James Franco and Jason Schwartzman both auditioned for the role of Cliff Pantone. Kirsten Dunst originally turned down the role of Torrance Shipman as she wasn’t interested. Marley Shelton was the second choice for the role but she decided to star in the film Sugar & Spice instead.

Filming 
While editing the film, Reed and editor Larry Bock watched cheerleading exploitation films from the 1970s. The movie clip shown to the cheer team during the 'types of dance inspiration' montage is from Sweet Charity.

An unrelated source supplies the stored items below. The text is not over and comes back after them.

(* There is an absolute constant $C$ such that the following holds for all positive integers $n$. Let $w=\lfloor0.4n\rfloor$, and let integers $i\ne j$ and $k=i+j$ satisfy $|i|,|j|\le2w$ and $|k|\le w$. Then $R_i\cup R_j\cup L_k$ Schur embeds into $\{1,3,4\}\times\{0,1,\dots,\lfloor0.15n\rfloor+C\}$.
   Context: $R=\{(x,y)\in\mathbb{R}^2:0.7n\le x+y\le n,\ |x-y|\le0.8n\}$, $L=\{(x,y)\in\mathbb{R}^2:2\lceil0.7n\rceil\le x+y\le1.7n,\ |x-y|\le0.4n\}$. Fibers: $R_j=\{(x,y)\in\mathbb{Z}^2\cap R:x-y=j\}$ for $|j|\le 2w$ and $L_k=\{(x,y)\in\mathbb{Z}^2\cap L:x-y=k\}$ for $|k|\le w$. A set $X_1\subset\mathbb{Z}^2$ Schur embeds into $X_2\subset\mathbb{Z}^2$ if there is an injection $f:X_1\to X_2$ such that for all $a,b,c\in X_1$, $a+b=c$ if and only if $f(a)+f(b)=f(c)$ (coordinatewise addition). *)

From mathcomp Require Import all_boot all_order all_algebra.
Set Implicit Arguments. Unset Strict Implicit. Unset Printing Implicit Defensive.
Import Order.TTheory GRing.Theory Num.Theory.
Local Open Scope ring_scope.

Definition pt := (int * int)%type.
Definition addpt (a b : pt) : pt := (a.1 + b.1, a.2 + b.2).

(* Real (here exact rational) constraints, with n%:Q the integer n. *)
Definition Q (z : int) : rat := z%:~R.

Definition inR (n : nat) (p : pt) : Prop :=
  (7/10) * n%:R <= Q (p.1 + p.2) /\ Q (p.1 + p.2) <= n%:R /\
  Q `|p.1 - p.2| <= (8/10) * n%:R.

Definition inL (n : nat) (p : pt) : Prop :=
  2 * Num.ceil ((7/10 : rat) * n%:R) <= p.1 + p.2 /\
  Q (p.1 + p.2) <= (17/10) * n%:R /\
  Q `|p.1 - p.2| <= (4/10) * n%:R.

Definition Rfib (n : nat) (j : int) (p : pt) : Prop := inR n p /\ p.1 - p.2 = j.
Definition Lfib (n : nat) (k : int) (p : pt) : Prop := inL n p /\ p.1 - p.2 = k.

Definition wpar (n : nat) : int := Num.floor ((4/10 : rat) * n%:R).

Definition schur_embeds (X1 X2 : pt -> Prop) : Prop :=
  exists f : pt -> pt,
    (forall a, X1 a -> X2 (f a)) /\
    (forall a b, X1 a -> X1 b -> f a = f b -> a = b) /\
    (forall a b c, X1 a -> X1 b -> X1 c ->
       (addpt a b = c <-> addpt (f a) (f b) = f c)).

Definition target (n C : nat) (p : pt) : Prop :=
  (p.1 = 1 \/ p.1 = 3 \/ p.1 = 4) /\
  0 <= p.2 <= Num.floor ((15/100 : rat) * n%:R) + C%:Z.

From mathcomp Require Import all_boot all_order all_algebra zify.
Import Order.TTheory GRing.Theory Num.Theory.
Local Open Scope ring_scope.

(* Send R_i, R_j and L_{i+j} to the columns 1, 3 and 4 of the target, each
   translated along its own line x - y = const.  Among the columns, 1 + 3 = 4
   is the only sum that is again a column.  The same holds in the source:
   points of R have x + y in [0.7n, n] and points of L have x + y in
   [1.4n, 1.7n], so a sum inside the union adds two points of R and lands in
   L, and since x - y is additive and i <> j it lands in L_{i+j} exactly when
   the summands come from different fibers.  Each fiber has about 0.15n
   points, which is the height of the target. *)

Section RatioComparisons.
Variable R : numFieldType.
Variables (c d n : nat) (z : int).
Hypothesis d_gt0 : (0 < d)%N.

Lemma ler_ratio_int :
  ((c%:R / d%:R) * n%:R <= z%:~R :> R) = ((c * n)%:Z <= d%:Z * z).
Proof.
by rewrite mulrAC ler_pdivrMr ?ltr0n // -natrM mulrC !pmulrn -intrM ler_int.
Qed.

Lemma ltr_ratio_int :
  ((c%:R / d%:R) * n%:R < z%:~R :> R) = ((c * n)%:Z < d%:Z * z).
Proof.
by rewrite mulrAC ltr_pdivrMr ?ltr0n // -natrM mulrC !pmulrn -intrM ltr_int.
Qed.

Lemma ler_int_ratio :
  (z%:~R <= (c%:R / d%:R) * n%:R :> R) = (d%:Z * z <= (c * n)%:Z).
Proof.
by rewrite mulrAC ler_pdivlMr ?ltr0n // -natrM mulrC !pmulrn -intrM ler_int.
Qed.

Lemma ltr_int_ratio :
  (z%:~R < (c%:R / d%:R) * n%:R :> R) = (d%:Z * z < (c * n)%:Z).
Proof.
by rewrite mulrAC ltr_pdivlMr ?ltr0n // -natrM mulrC !pmulrn -intrM ltr_int.
Qed.

End RatioComparisons.

Lemma ceil_ratio_bounds (R : archiRealFieldType) (c d n : nat) : (0 < d)%N ->
  let m := Num.ceil ((c%:R / d%:R : R) * n%:R) in
  (c * n)%:Z <= d%:Z * m /\ d%:Z * (m - 1) < (c * n)%:Z.
Proof.
move=> d_gt0 m; have /andP[lt_pred le_m] := ceil_itv ((c%:R / d%:R : R) * n%:R).
by rewrite -(ler_ratio_int R) // -(ltr_int_ratio R).
Qed.

Lemma floor_ratio_bounds (R : archiRealFieldType) (c d n : nat) : (0 < d)%N ->
  let m := Num.floor ((c%:R / d%:R : R) * n%:R) in
  d%:Z * m <= (c * n)%:Z /\ (c * n)%:Z < d%:Z * (m + 1).
Proof.
move=> d_gt0 m; have /andP[le_m lt_succ] := floor_itv ((c%:R / d%:R : R) * n%:R).
by rewrite -(ler_int_ratio R) // -(ltr_ratio_int R).
Qed.

Lemma Rfib_bounds n i p : Rfib n i p ->
  [/\ (7 * n)%:Z <= 10%:Z * (p.1 + p.2), p.1 + p.2 <= n%:Z & p.1 - p.2 = i].
Proof.
case=> -[lb [ub _]] diff; split=> //; first by move: lb; rewrite /Q ler_ratio_int.
by move: ub; rewrite /Q pmulrn ler_int.
Qed.

Lemma Lfib_bounds n k p : Lfib n k p ->
  [/\ 2 * Num.ceil ((7/10 : rat) * n%:R) <= p.1 + p.2,
      10%:Z * (p.1 + p.2) <= (17 * n)%:Z & p.1 - p.2 = k].
Proof. by case=> -[lb [ub _]] diff; split=> //; move: ub; rewrite /Q ler_int_ratio. Qed.

Lemma pair_eqE (a b c d : int) : ((a, b) = (c, d) :> pt) <-> a = c /\ b = d.
Proof. by split=> [[-> ->]|[-> ->]]. Qed.

Lemma schur_embeds_sub (X Y Z : pt -> Prop) :
  (forall p, X p -> Y p) -> schur_embeds Y Z -> schur_embeds X Z.
Proof.
move=> subXY [f [fYZ [f_inj f_add]]]; exists f; split; first by move=> p /subXY /fYZ.
split; first by move=> p q /subXY Yp /subXY Yq; exact: f_inj.
by move=> p q r /subXY Yp /subXY Yq /subXY Yr; exact: f_add.
Qed.

Section ColumnEmbedding.
Variables (n : nat) (i j : int).
Hypotheses (n_gt0 : (0 < n)%N) (neq_ij : i != j).

Let sum_min : int := Num.ceil ((7/10 : rat) * n%:R).

Let sum_min_bounds : (7 * n)%:Z <= 10%:Z * sum_min /\ 10%:Z * (sum_min - 1) < (7 * n)%:Z.
Proof. exact: ceil_ratio_bounds. Qed.

Definition fiber_union (p : pt) : Prop :=
  [\/ [/\ (7 * n)%:Z <= 10%:Z * (p.1 + p.2), p.1 + p.2 <= n%:Z & p.1 - p.2 = i],
      [/\ (7 * n)%:Z <= 10%:Z * (p.1 + p.2), p.1 + p.2 <= n%:Z & p.1 - p.2 = j] |
      [/\ 2 * sum_min <= p.1 + p.2, 10%:Z * (p.1 + p.2) <= (17 * n)%:Z &
          p.1 - p.2 = i + j]].

(* Up to rounding, [shift_i] and [shift_j] are the least x-coordinates on R_i
   and R_j, and their sum is the least x-coordinate on L_{i+j}; this makes the
   translations compatible with addition. *)
Definition shift_i : int := ((sum_min + i) %/ 2)%Z.
Definition shift_j : int := ((sum_min + j) %/ 2)%Z.

Definition column_map (p : pt) : pt :=
  if p.1 + p.2 <= n%:Z then
    if p.1 - p.2 == i then (1, p.1 - shift_i) else (3, p.1 - shift_j)
  else (4, p.1 - shift_i - shift_j).

Lemma shift_bounds :
  [/\ 2 * shift_i <= sum_min + i, sum_min + i - 1 <= 2 * shift_i,
      2 * shift_j <= sum_min + j & sum_min + j - 1 <= 2 * shift_j].
Proof. rewrite /shift_i /shift_j; split; lia. Qed.

Lemma column_mapE p : fiber_union p ->
  [\/ [/\ (7 * n)%:Z <= 10%:Z * (p.1 + p.2), p.1 + p.2 <= n%:Z, p.1 - p.2 = i &
          column_map p = (1, p.1 - shift_i)],
      [/\ (7 * n)%:Z <= 10%:Z * (p.1 + p.2), p.1 + p.2 <= n%:Z, p.1 - p.2 = j &
          column_map p = (3, p.1 - shift_j)] |
      [/\ 2 * sum_min <= p.1 + p.2, 10%:Z * (p.1 + p.2) <= (17 * n)%:Z,
          p.1 - p.2 = i + j & column_map p = (4, p.1 - shift_i - shift_j)]].
Proof.
rewrite /column_map; case=> -[lb ub diff].
- by apply: Or31; rewrite ub diff eqxx.
- by apply: Or32; rewrite ub diff eq_sym (negbTE neq_ij).
- apply: Or33; split=> //; case: sum_min_bounds => ? _.
  by have -> : (p.1 + p.2 <= n%:Z) = false by apply/negbTE; rewrite -ltNge; lia.
Qed.

Lemma column_map_target p : fiber_union p -> target n 2 (column_map p).
Proof.
have top_lb : (15 * n)%:Z < 100%:Z * (Num.floor ((15/100 : rat) * n%:R) + 1).
  by case: (floor_ratio_bounds rat 15 100 n isT).
have [? ? ? ?] := shift_bounds; case: sum_min_bounds => ? ?.
by case/column_mapE=> -[lb ub diff ->]; split=> /=; try tauto; apply/andP; split; lia.
Qed.

Lemma column_map_inj p q : fiber_union p -> fiber_union q ->
  column_map p = column_map q -> p = q.
Proof.
case: p q => [x1 y1] [x2 y2] /column_mapE Hp /column_mapE Hq.
by case: Hp => -[/= ? ? ? ->]; case: Hq => -[/= ? ? ? ->];
  move/pair_eqE=> [? ?]; apply/pair_eqE; lia.
Qed.

Lemma column_map_add p q r :
  fiber_union p -> fiber_union q -> fiber_union r ->
  addpt p q = r <-> addpt (column_map p) (column_map q) = column_map r.
Proof.
case: p q r => [x1 y1] [x2 y2] [x3 y3] /column_mapE Hp /column_mapE Hq /column_mapE Hr.
rewrite /addpt /=.
by case: Hp => -[/= ? ? ? ->]; case: Hq => -[/= ? ? ? ->];
  case: Hr => -[/= ? ? ? ->]; rewrite /= !pair_eqE; split=> -[? ?]; lia.
Qed.

Lemma fiber_union_schur_embeds : schur_embeds fiber_union (target n 2).
Proof.
exists column_map; split; first exact: column_map_target.
by split; [exact: column_map_inj | exact: column_map_add].
Qed.

End ColumnEmbedding.

Theorem mainTheorem8 :
  exists C : nat, forall n : nat, (0 < n)%N ->
    forall i j : int, i != j ->
    `|i| <= 2 * wpar n -> `|j| <= 2 * wpar n -> `|i + j| <= wpar n ->
    schur_embeds
      (fun p => Rfib n i p \/ Rfib n j p \/ Lfib n (i + j) p)
      (target n C).
Proof.
exists 2%N => n n_gt0 i j neq_ij _ _ _.
apply: schur_embeds_sub (@fiber_union_schur_embeds n i j n_gt0 neq_ij).
by move=> p [/Rfib_bounds|[/Rfib_bounds|/Lfib_bounds]] ?;
  [apply: Or31 | apply: Or32 | apply: Or33].
Qed.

Most of the scenes in the film were shot in different locations and high schools in San Diego County, California, as well as San Diego State University.  Local high school cheer squads were used as extras, Filming took place from 12 July 1999 - 10 September 1999.

Reception

Box office
Bring It On was released in North America on August 25, 2000. The film grossed $17,362,105 in 2,380 theaters during its opening weekend, ranking first at the North American box office, beating The Cell. Although it experienced an 34% decline in gross earnings, the film held the top position for a second consecutive week. The film went on to gross $68,379,000 in North America and an additional $22,070,929 in other territories for a total gross of $90,449,929.

Critical response

The film received a 63% approval rating on Rotten Tomatoes based on 120 reviews, with an average rating of 6.00/10. The site's consensus reads: "Despite the formulaic fluffy storyline, this movie is surprisingly fun to watch, mostly due to its high energy and how it humorously spoofs cheerleading." On Metacritic the film has a weighted average score of 52 out of 100, based on 31 reviews, indicating "Mixed or average reviews". Audiences surveyed by CinemaScore gave the film a grade B+ on scale of A to F.

A. O. Scott from The New York Times commended the film for the ability to "gesture toward serious matters of racial/economic inequality", as well as for its "occasional snarl of genuine satire". Kevin Thomas of the Los Angeles Times also favored the film, calling it a "Smart and sassy high school movie fun for all ages." In addition, Thomas commended the film for how it "subversively suggests that sometimes there are more important values in life than winning", as well as for its inclusion of a gay cheerleader character who is comfortable in his sexuality. Kim Morgan of The Oregonian dubbed the film the "newest, and probably first, cheerleading movie." Michael O'Sullivan of The Washington Post also gave a positive review, praising the film's "tart, taut script by first-time screenwriter Jessica Bendinger" as well as its depiction of teenagers.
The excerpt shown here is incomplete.